Luckner Pierre, 46 ans, marié et père de trois enfants, est taillé dans l’étoffe d’un tailleur haïtien expérimenté. Il a fait ses débuts dans le métier de tailleur en 1998. Aujourd’hui, tenir tête dans ce métier devient son véritable calvaire. Sa clientèle est considérablement réduite ces dernières années. Face à l’invasion des vêtements usagés sur le marché haïtien, il met en œuvre de nouvelles stratégies. Enquet’Action l’a interrogé.
Enquet’Action (EA) : Parlez-nous de votre début dans le métier de Tailleur en Haïti et de ce qui vous a orienté.
Luckner Pierre (LP) : La fin du 20e siècle traduit tout simplement les meilleurs moments du métier de tailleur en Haïti. Quand j’étais en Classe de Rhéto, se donner un métier professionnel était la grande mode. Tous les jeunes de l’époque voulaient devenir professionnels. C’est à partir de cette influence que je faisais le choix d’abord d’apprendre ce métier et ensuite en faire carrière. De nos jours, cette réalité et cette manière de penser ont cessé de claironner. Les jeunes ne veulent rien apprendre.
J’ai connu un très bon début dans le métier. Presque toutes les couches sociales appréciaient nos travaux. Et, c’était pour eux une fierté de porter nos vêtements. Du point de vue économique, ce métier rapportait beaucoup d’argent. Mes charges familiales ne reposaient que sur ce métier. Pendant toutes les rentrées scolaires, des parents et élèves faisaient la queue devant notre atelier. À cette époque, les tailleurs n’avaient même pas le temps de rentrer à la maison. Maintenant, tout a changé malheureusement. On vit une réalité cauchemardesque dans le métier. On a perdu un bon nombre de nos clients. N’était-ce pas des contrats saisonniers avec certaines églises ou d’autres entreprises, on aurait déjà abandonné le métier. À présent, même si les opportunités deviennent de plus en plus minces, on peut générer beaucoup de profit dans ce métier.
EA : Comment voyez-vous l’installation à grandes échelles des Vêtements usagés sur le marché haïtien ?
LP : L’installation des « Pèpè »* sur notre marché est la preuve de l’impuissance de l’État. Il ouvre sans restriction la porte du marché à des étrangers. Cette position ne joue pas en notre faveur. De plus, les professionnels haïtiens ne sont pas vraiment honnêtes. Je ne peux pas cacher cela. Ils donnent toujours des mensonges à leurs clients. Et, ils sont loin d’être des professionnels qualifiés. Personnellement, je fais des efforts pour rester un très bon professionnel et garder un standard acceptable. Mais, beaucoup de mes autres collègues tailleurs n’ont pas cette capacité.
EA : Comment vous vous êtes adapté à cette nouvelle réalité ?
LP : Maintenant, je ne travaille pas seulement dans le métier de tailleur. Parce que mes responsabilités sont énormes. Je dois vivre et subvenir aux besoins de ma famille. Partout et ailleurs, je suis à la recherche de contrats. J’ai participé à maintes reprises à plusieurs initiatives associatives. Ils m’ont aidé à trouver des contrats intéressants avec les églises et d’autres institutions encore. Je me débrouille assez bien de manière à ce que je m’adapte à l’invasion des vêtements étrangers en Haïti. Cependant, les contrats ne sont pas constants. Mais, certains de mes fidèles clients me contactent dans des occasions spéciales comme le mariage, la graduation, des événements culturels.
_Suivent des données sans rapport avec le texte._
(* Every total strongly polynomial-time computable functional $F\colon\mathcal B\to\mathcal B$ is polynomial-time computable.
   Context: $\Sigma=\{0,1\}$, $\mathcal B=(\Sigma^* )^{\Sigma^*}$ is the set of total string functions. An oracle Turing machine $M^?$ with oracle $\varphi$ replaces, upon entering its query state, the query-tape content $\mathbf b$ by $\varphi(\mathbf b)$ in one time step; $\operatorname{time}_{M^\varphi}(\mathbf a)\in\mathbb N\cup\{\infty\}$ is its number of steps on input $\mathbf a$. $M^?$ computes $F$ if $M^\varphi=F(\varphi)$ for all $\varphi\in\mathcal B$. Size function: $|\varphi|(n)=\max\{|\varphi(\mathbf a)|:|\mathbf a|\le n\}$. Second-order polynomials: smallest class of functions $\mathbb N^{\mathbb N}\times\mathbb N\to\mathbb N$ containing $(l,n)\mapsto p(n)$ for polynomials $p$ with natural coefficients, closed under pointwise sum, product and $P\mapsto P^+$, $P^+(l,n)=l(P(l,n))$. $F$ is polynomial-time computable if computed by a machine with $\operatorname{time}_{M^\varphi}(\mathbf a)\le P(|\varphi|,|\mathbf a|)$ for all $\varphi,\mathbf a$ for some second-order polynomial $P$. Length revision function: for oracle $\varphi$ and input $\mathbf a$, let $\mathbf b_k$ be the content of the oracle answer tape at step $k$; $o_{\varphi,\mathbf a}(0)=|\mathbf a|$, $o_{\varphi,\mathbf a}(n+1)=\max\{o_{\varphi,\mathbf a}(n),|\mathbf b_{n+1}|\}$. A function $t\colon\mathbb N\to\mathbb N$ is a step-count for $M^?$ if for all $\varphi\in\mathcal B$, $\mathbf a\in\Sigma^*$ and all $n\le\operatorname{time}_{M^\varphi}(\mathbf a)$: $n\le t(o_{\varphi,\mathbf a}(n))$. $M^?$ has finite length-revision if there is $N\in\mathbb N$ with $\#o_{\varphi,\mathbf a}(\mathbb N)\le N$ for all $\varphi\in\mathcal B$, $\mathbf a\in\Sigma^*$ (where $o_{\varphi,\mathbf a}(\mathbb N)$ is the image of $o_{\varphi,\mathbf a}$). $F$ is strongly polynomial-time computable if it is computed by an oracle machine having finite length-revision and a polynomial step-count. *)

From mathcomp Require Import all_boot.
Set Implicit Arguments. Unset Strict Implicit. Unset Printing Implicit Defensive.

Definition string := seq bool.
Definition Bspace := string -> string.

Inductive move := MoveL | MoveS | MoveR.

Definition move_head (m : move) (h : nat) : nat :=
  match m with MoveL => h.-1 | MoveS => h | MoveR => h.+1 end.

(* An oracle Turing machine with:
   - a read-only input tape (holding the input string),
   - a read-only oracle answer tape (written only by the oracle),
   - k.+2 read/write tapes over a finite alphabet Gam: tape 0 is the oracle
     query tape, tape 1 is the output tape, tapes 2..k+1 are work tapes.
   Read-only tapes show [Some b] on a bit and [None] (blank) elsewhere.
   The transition function acts in the ordinary states; in the query state
   the oracle step is performed, in the halting state the machine stops. *)
Record OTM : Type := {
  Gam : finType;
  blank : Gam;
  sym : bool -> Gam;
  sym_inj : sym true != sym false;
  blank_sym : forall b, blank != sym b;
  ntapes : nat;
  St : finType;
  q_start : St;
  q_halt : St;
  q_query : St;
  q_answer : St;
  delta : St -> option bool -> option bool -> ('I_ntapes.+2 -> Gam) ->
          St * ('I_ntapes.+2 -> Gam) * ('I_ntapes.+2 -> move) * move * move
}.

Record config (M : OTM) : Type := Config {
  c_state : St M;
  c_in : string;
  c_in_head : nat;
  c_ans : string;
  c_ans_head : nat;
  c_tapes : 'I_(ntapes M).+2 -> seq (Gam M) * nat
}.

Section Machine.
Variable M : OTM.

Definition read_ro (s : string) (h : nat) : option bool :=
  if h < size s then Some (nth false s h) else None.

Fixpoint rw_content (s : seq (Gam M)) : string :=
  match s with
  | [::] => [::]
  | g :: s' => match [pick b | g == sym M b] with
               | Some b => b :: rw_content s'
               | None => [::]
               end
  end.

Definition query_tape : 'I_(ntapes M).+2 := ord0.
Definition output_tape : 'I_(ntapes M).+2 := lift ord0 ord0.

Definition init (a : string) : config M :=
  Config (q_start M) a 0 [::] 0 (fun _ => ([::], 0)).

Definition halted (c : config M) : bool := c_state c == q_halt M.

Definition step (phi : Bspace) (c : config M) : config M :=
  if c_state c == q_halt M then c
  else if c_state c == q_query M then
    Config (q_answer M) (c_in c) (c_in_head c)
           (phi (rw_content (c_tapes c query_tape).1)) 0
           (fun i => if i == query_tape then ([::], 0) else c_tapes c i)
  else
    let: (q', w, mv, mi, ma) :=
       delta (c_state c) (read_ro (c_in c) (c_in_head c)) (read_ro (c_ans c) (c_ans_head c))
             (fun i => nth (blank M) (c_tapes c i).1 (c_tapes c i).2) in
    Config q' (c_in c) (move_head mi (c_in_head c)) (c_ans c) (move_head ma (c_ans_head c))
           (fun i => (set_nth (blank M) (c_tapes c i).1 (c_tapes c i).2 (w i),
                      move_head (mv i) (c_tapes c i).2)).

Definition run (phi : Bspace) (a : string) (n : nat) : config M :=
  iter n (step phi) (init a).

Definition le_time (phi : Bspace) (a : string) (n : nat) : Prop :=
  forall m, m < n -> ~~ halted (run phi a m).

Definition time_le (phi : Bspace) (a : string) (T : nat) : Prop :=
  exists2 m, m <= T & halted (run phi a m).

Definition outputs (phi : Bspace) (a y : string) : Prop :=
  exists n, halted (run phi a n) /\ rw_content (c_tapes (run phi a n) output_tape).1 = y.

Definition computes (F : Bspace -> Bspace) : Prop :=
  forall phi a, outputs phi a (F phi a).

Fixpoint lrev (phi : Bspace) (a : string) (n : nat) : nat :=
  match n with
  | 0 => size a
  | n'.+1 => maxn (lrev phi a n') (size (c_ans (run phi a n'.+1)))
  end.

Definition step_count (t : nat -> nat) : Prop :=
  forall phi a n, le_time phi a n -> n <= t (lrev phi a n).

Definition image_card_le (f : nat -> nat) (N : nat) : Prop :=
  forall s : seq nat, uniq s -> (forall x, x \in s -> exists n, f n = x) -> size s <= N.

Definition finite_length_revision : Prop :=
  exists N, forall phi a, image_card_le (lrev phi a) N.
End Machine.

Definition peval (cs : seq nat) (n : nat) : nat :=
  \sum_(i < size cs) nth 0 cs i * n ^ i.

Inductive sopoly :=
  | SPpoly of seq nat
  | SPadd of sopoly & sopoly
  | SPmul of sopoly & sopoly
  | SPapp of sopoly.

Fixpoint speval (P : sopoly) (l : nat -> nat) (n : nat) : nat :=
  match P with
  | SPpoly cs => peval cs n
  | SPadd P Q => speval P l n + speval Q l n
  | SPmul P Q => speval P l n * speval Q l n
  | SPapp P => l (speval P l n)
  end.

Definition sizefun (phi : Bspace) (n : nat) : nat :=
  \max_(i < n.+1) \max_(w : i.-tuple bool) size (phi w).

Definition poly_time_computable (F : Bspace -> Bspace) : Prop :=
  exists M : OTM, computes M F /\
    exists P : sopoly, forall phi a, time_le M phi a (speval P (sizefun phi) (size a)).

Definition strongly_poly_time_computable (F : Bspace -> Bspace) : Prop :=
  exists M : OTM, computes M F /\ finite_length_revision M /\
    exists cs : seq nat, step_count M (peval cs).

(** Let t be a polynomial step-count of M and N a bound on the number of values
    of the length revision function o.  As long as o is at most B, the run has
    taken at most t(B) steps, so every query written so far has length at most
    t(B) and every answer has length at most |phi|(t(B)).  Hence after its k-th
    strict increase o is bounded by the second-order polynomial B_k, where
    B_0 = n and B_(k+1) = B_k + |phi|(t(B_k)).  As o increases fewer than N
    times, it never exceeds B_N and the machine halts within t(B_N) steps. *)

From mathcomp Require Import all_boot.

Set Implicit Arguments. Unset Strict Implicit. Unset Printing Implicit Defensive.

Lemma peval_nil n : peval [::] n = 0.
Proof. by rewrite /peval big_ord0. Qed.

Lemma peval_cons c cs n : peval (c :: cs) n = c + n * peval cs n.
Proof.
rewrite /peval /= big_ord_recl /= expn0 muln1; congr (_ + _).
by rewrite big_distrr /=; apply: eq_bigr => i _; rewrite expnS mulnCA.
Qed.

Lemma peval_homo cs : {homo peval cs : m n / m <= n}.
Proof.
move=> m n le_mn; elim: cs => [|c cs IHcs]; first by rewrite !peval_nil.
by rewrite !peval_cons leq_add2l leq_mul.
Qed.

Fixpoint spcomp (cs : seq nat) (P : sopoly) : sopoly :=
  match cs with
  | [::] => SPpoly [::]
  | c :: cs' => SPadd (SPpoly [:: c]) (SPmul P (spcomp cs' P))
  end.

Lemma speval_spcomp cs P l n : speval (spcomp cs P) l n = peval cs (speval P l n).
Proof.
elim: cs => [|c cs IHcs] /=; first by rewrite !peval_nil.
by rewrite IHcs !peval_cons peval_nil muln0 addn0.
Qed.

Fixpoint revision_bound (cs : seq nat) (k : nat) : sopoly :=
  match k with
  | 0 => SPpoly [:: 0; 1]
  | k'.+1 => SPadd (revision_bound cs k') (SPapp (spcomp cs (revision_bound cs k')))
  end.

Lemma speval_revision_bound0 cs l n : speval (revision_bound cs 0) l n = n.
Proof. by rewrite /= !peval_cons peval_nil muln0 addn0 muln1. Qed.

Lemma speval_revision_boundS cs l n k :
  speval (revision_bound cs k.+1) l n =
  speval (revision_bound cs k) l n + l (peval cs (speval (revision_bound cs k) l n)).
Proof. by rewrite /= speval_spcomp. Qed.

Lemma revision_bound_homo cs l n :
  {homo (fun k => speval (revision_bound cs k) l n) : i j / i <= j}.
Proof.
by apply: homo_leq => [//|y x z|k]; [exact: leq_trans | rewrite /= leq_addr].
Qed.

Lemma size_le_sizefun phi q m : size q <= m -> size (phi q) <= sizefun phi m.
Proof.
rewrite -ltnS => lt_qm; apply: leq_trans (leq_bigmax (Ordinal lt_qm)).
exact: (leq_bigmax (in_tuple q)).
Qed.

Section Run.
Variables (M : OTM) (phi : Bspace) (a : string).

Notation run := (run M phi a).
Notation lrev := (lrev M phi a).

Lemma size_rw_content (s : seq (Gam M)) : size (rw_content s) <= size s.
Proof. by elim: s => [|g s IHs] //=; case: pickP. Qed.

Lemma move_head_leS m h : move_head m h <= h.+1.
Proof. by case: m => /=; rewrite ?leqnSn // (leq_trans (leq_pred h)). Qed.

Lemma tape_run_le n i : size (c_tapes (run n) i).1 <= n /\ (c_tapes (run n) i).2 <= n.
Proof.
elim: n => [//|n [size_le head_le]].
rewrite /run iterS -/(run n) /step.
case: ifP => _; first by split; apply: leq_trans (leqnSn n).
case: ifP => _; first by rewrite /=; case: (i == _) => //; split; apply: leq_trans (leqnSn n).
case: (delta _ _ _ _) => [[[[q w] mv] mi] ma] /=; split; last exact: leq_trans (move_head_leS _ _) _.
by rewrite size_set_nth geq_max ltnS head_le (leq_trans size_le).
Qed.

Lemma ans_run_step n :
  c_ans (run n.+1) = c_ans (run n) \/
  exists2 q, size q <= n & c_ans (run n.+1) = phi q.
Proof.
rewrite /run iterS -/(run n) /step.
case: ifP => _; first by left.
case: ifP => _; last by case: (delta _ _ _ _) => [[[[q w] mv] mi] ma]; left.
right; eexists; last by [].
exact: leq_trans (size_rw_content _) (tape_run_le n (query_tape M)).1.
Qed.

Lemma size_ans_le_lrev n : size (c_ans (run n)) <= lrev n.
Proof. by case: n => [|n] //=; rewrite leq_maxr. Qed.

Lemma lrevS n : lrev n.+1 = maxn (lrev n) (size (c_ans (run n.+1))).
Proof. by []. Qed.

Fixpoint revisions (n : nat) : seq nat :=
  if n is n'.+1 then
    if lrev n' < lrev n then lrev n :: revisions n' else revisions n'
  else [:: lrev 0].

Lemma revisionsS n :
  revisions n.+1 = if lrev n < lrev n.+1 then lrev n.+1 :: revisions n else revisions n.
Proof. by []. Qed.

Lemma mem_revisions_le n x : x \in revisions n -> x <= lrev n.
Proof.
elim: n => [|n IHn] /=; first by rewrite inE => /eqP ->.
case: ifP => [lt_n | _] /=; last by move/IHn/leq_trans; apply; exact: leq_maxl.
by rewrite inE => /predU1P [-> // | /IHn /leq_trans]; apply; exact: ltnW.
Qed.

Lemma uniq_revisions n : uniq (revisions n).
Proof.
elim: n => [//|n IHn] /=; case: ifP => [lt_n|_] //=.
by rewrite IHn andbT; apply/negP => /mem_revisions_le; rewrite leqNgt lt_n.
Qed.

Lemma mem_revisions_lrev n x : x \in revisions n -> exists k, lrev k = x.
Proof.
elim: n => [|n IHn] /=; first by rewrite inE => /eqP ->; exists 0.
by case: ifP => _ //; rewrite inE => /predU1P [->|/IHn //]; exists n.+1.
Qed.

Lemma size_revisions_le N : image_card_le lrev N -> forall n, size (revisions n) <= N.
Proof. by move=> card_le n; apply: card_le (@mem_revisions_lrev n); exact: uniq_revisions. Qed.

Variable cs : seq nat.
Hypothesis step_count_cs : step_count M (peval cs).

Notation bound k := (speval (revision_bound cs k) (sizefun phi) (size a)).

Lemma lrev_le_revision_bound n :
  le_time M phi a n -> lrev n <= bound (size (revisions n)).
Proof.
elim: n => [|n IHn] running.
  by rewrite -[lrev 0](speval_revision_bound0 cs (sizefun phi)) revision_bound_homo.
have running_n : le_time M phi a n by move=> m lt_mn; apply/running/ltnW.
have {}IHn := IHn running_n.
rewrite revisionsS; case: ifPn => [lt_n | ]; last by rewrite -leqNgt => /leq_trans; apply.
have lrev_ans : lrev n.+1 = size (c_ans (run n.+1)).
  by move: lt_n; rewrite lrevS /maxn; case: ifP; rewrite // ltnn.
have [ans_eq | [q size_q ans_eq]] := ans_run_step n.
  by move: lt_n; rewrite lrevS ans_eq (maxn_idPl (size_ans_le_lrev n)) ltnn.
rewrite lrev_ans ans_eq [size (_ :: _)]/= speval_revision_boundS (leq_trans _ (leq_addl _ _)) //.
apply/size_le_sizefun/(leq_trans size_q)/(leq_trans (step_count_cs running_n)).
exact: peval_homo.
Qed.

Lemma time_le_step_count L :
  (forall n, le_time M phi a n -> lrev n <= L) -> time_le M phi a (peval cs L).
Proof.
move=> lrev_le; set T := peval cs L.
have [/existsP [m halted_m] | not_halted] := boolP [exists m : 'I_T.+1, halted (run m)].
  by exists m; first by rewrite -ltnS.
have running : le_time M phi a T.+1.
  by move=> m lt_mT; apply: contra not_halted => halted_m; apply/existsP; exists (Ordinal lt_mT).
by have := step_count_cs running; rewrite ltnNge peval_homo // lrev_le.
Qed.

End Run.

Theorem mainTheorem10 (F : Bspace -> Bspace) :
  strongly_poly_time_computable F -> poly_time_computable F.
Proof.
move=> [M [computes_F [[N finite_rev] [cs step_count_cs]]]].
exists M; split => //; exists (spcomp cs (revision_bound cs N)) => phi a.
rewrite speval_spcomp; apply: time_le_step_count => // n running.
apply: leq_trans (lrev_le_revision_bound step_count_cs running) _.
exact/revision_bound_homo/size_revisions_le.
Qed.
EA : Quelle évaluation faites-vous de votre clientèle ?
LP : De 1998 à nos jours, ma clientèle s’est considérablement réduite. Les gens ne portent plus les vêtements haïtiens. Ils préfèrent acheter des chemises et des pantalons « pèpè ». C’est plus accessible et moins cher pour eux. Si auparavant les soi-disant tailleurs qui s’adonnent à la réparation de vêtements sont des charlatans, aujourd’hui, même les tailleurs professionnels se sont transformés en réparateur de vêtements usagés. Je fais ce constat. C’est malheureusement le tout nouveau métier naissant dans le secteur.
* Pèpè : Vêtements usagés.
Pierre Samuel MARCELIN
Ce projet de contenus a eu le support de l’IFDD/OIF.